TO DO >> Filter this material down to the lines that contain the string "Lemma", and return those lines.
[RECORDS SUPPLIED — start]
(* Let $n=4$, let $A$ be an irreducible $4\times 4$ Dickson matrix over $\mathbb{F}_{q^4}$ and let $B$ be a $4\times4$ Dickson matrix such that $A$ and $B$ have equal corresponding principal minors. Then $B$ is diagonally similar to $A$ or to $A^T$.
   Context: A Dickson matrix is the $n\times n$ matrix indexed by $\mathbb{Z}_n$ with $A[i|j]=a_{j-i}^{q^i}$ (indices mod $n$) associated to a $q$-polynomial $\sum_{j=0}^{n-1}a_jx^{q^j}\in\mathbb{F}_{q^n}[x]$. $A$ is reducible if there is a partition $\{\alpha,\beta\}$ of $\mathbb{Z}_n$ into nonempty sets with $A[\alpha|\beta]=0$ (rows $\alpha$, columns $\beta$), irreducible otherwise. Equal corresponding principal minors: $\det A[\alpha|\alpha]=\det B[\alpha|\alpha]$ for all nonempty $\alpha$. Diagonally similar: $B=D^{-1}AD$ with $D$ invertible diagonal. *)

From HB Require Import structures.
From mathcomp Require Import all_boot all_order all_algebra all_fingroup all_field.
Set Implicit Arguments. Unset Strict Implicit. Unset Printing Implicit Defensive.
Import GRing.Theory.
Local Open Scope ring_scope.

(* Indices of an n x n matrix with n = k.+1 are 'I_k.+1, which carries the
   additive group structure of Z/nZ; (j - i) is subtraction mod n. *)

(* Dickson matrix of the q-polynomial sum_j a_j x^(q^j):
   A[i|j] = a_{j-i}^(q^i). *)
Definition dickson_mx (F : fieldType) (q k : nat) (a : 'I_k.+1 -> F)
  : 'M[F]_k.+1 := \matrix_(i, j) (a (j - i)) ^+ (q ^ i).

Definition reducible_mx (F : fieldType) (n : nat) (A : 'M[F]_n) : Prop :=
  exists alpha : {set 'I_n},
    [/\ alpha != set0, ~: alpha != set0 &
        forall i j, i \in alpha -> j \notin alpha -> A i j = 0].

Definition irreducible_mx (F : fieldType) (n : nat) (A : 'M[F]_n) : Prop :=
  ~ reducible_mx A.

Definition principal_submx (F : fieldType) (n : nat) (A : 'M[F]_n)
  (alpha : {set 'I_n}) : 'M[F]_#|alpha| :=
  \matrix_(i, j) A (enum_val i) (enum_val j).

Definition equal_principal_minors (F : fieldType) (n : nat) (A B : 'M[F]_n) :=
  forall alpha : {set 'I_n}, alpha != set0 ->
    \det (principal_submx A alpha) = \det (principal_submx B alpha).

Definition diag_similar (F : fieldType) (n : nat) (A B : 'M[F]_n) :=
  exists D : 'M[F]_n, [/\ is_diag_mx D, D \in unitmx & B = invmx D *m A *m D].

From HB Require Import structures.
From mathcomp Require Import all_boot all_order all_algebra all_fingroup all_field.
From mathcomp Require Import ring.
Set Implicit Arguments. Unset Strict Implicit. Unset Printing Implicit Defensive.
Import GRing.Theory.
Local Open Scope ring_scope.

(* Write s x := x ^+ q, so that s^4 = id on F and the Dickson matrix of a is
   (s^i a_(j-i)).  Its principal minors on {0}, {0,1}, {0,2}, {0,1,2} and
   {0,2,3} give a_0 = b_0, a_1 s(a_3) = b_1 s(b_3), a_2 s^2(a_2) = b_2 s^2(b_2)
   and two cubic relations; the determinant, corrected by the smaller minors,
   shows that A and B have the same total weight of 4-cycles.  Conjugating by
   D = diag(1, r, r s(r), r s(r) s^2(r)) with r s(r) s^2(r) s^3(r) = 1 multiplies
   a_k by r s(r) ... s^(k-1)(r), and A^T is the Dickson matrix of
   (a_0, s(a_3), s^2(a_2), s^3(a_1)).  All relations are invariant under this
   substitution, so we may assume a_1 != 0 (irreducibility rules out
   a_1 = a_3 = 0), and a case analysis on the vanishing of a_2, a_3, b_1, b_3
   produces the ratio r, for A or for A^T; in the generic case the relations
   force a product of the two candidate equations for b_2 to vanish. *)

(* Cofactor expansion along the first row of the matrix (G i j); indexing by
   nat keeps the size of the matrix out of the types. *)
Fixpoint det_laplace (R : comPzRingType) (k : nat) (G : nat -> nat -> R) : R :=
  if k is k'.+1 then
    \sum_(j < k'.+1) (-1) ^+ j * G 0%N j * det_laplace k' (fun x y => G x.+1 (bump j y))
  else 1.

Lemma det_laplaceS (R : comPzRingType) k (G : nat -> nat -> R) :
  det_laplace k.+1 G =
  \sum_(j < k.+1) (-1) ^+ j * G 0%N j * det_laplace k (fun x y => G x.+1 (bump j y)).
Proof. by []. Qed.

Lemma det_mx_laplace (R : comPzRingType) k (G : nat -> nat -> R) :
  \det (\matrix_(i < k, j < k) G i j) = det_laplace k G.
Proof.
elim: k G => [|k IHk] G; first by rewrite det_mx00.
rewrite (expand_det_row _ ord0) /=; apply: eq_bigr => j _.
rewrite /cofactor mxE add0n -IHk mulrCA mulrA; congr (_ * \det _).
by apply/matrixP => x y; rewrite !mxE.
Qed.

Section SmallLaplace.
Variables (R : comPzRingType) (G : nat -> nat -> R).

Lemma det_laplace1 : det_laplace 1 G = G 0 0.
Proof. by rewrite /= big_ord1 /= mulr1 expr0 mul1r. Qed.

Lemma det_laplace2 : det_laplace 2 G = G 0 0 * G 1 1 - G 0 1 * G 1 0.
Proof. by rewrite /= !big_ord_recl !big_ord0 /= /bump /=; ring. Qed.

Lemma det_laplace3 : det_laplace 3 G =
  G 0 0 * (G 1 1 * G 2 2 - G 1 2 * G 2 1) - G 0 1 * (G 1 0 * G 2 2 - G 1 2 * G 2 0)
  + G 0 2 * (G 1 0 * G 2 1 - G 1 1 * G 2 0).
Proof. by rewrite /= !big_ord_recl !big_ord0 /= /bump /=; ring. Qed.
[RECORDS SUPPLIED — finish]
SOLUTION >>
Lemma det_laplaceS (R : comPzRingType) k (G : nat -> nat -> R) :
Lemma det_mx_laplace (R : comPzRingType) k (G : nat -> nat -> R) :
Lemma det_laplace1 : det_laplace 1 G = G 0 0.
Lemma det_laplace2 : det_laplace 2 G = G 0 0 * G 1 1 - G 0 1 * G 1 0.
Lemma det_laplace3 : det_laplace 3 G =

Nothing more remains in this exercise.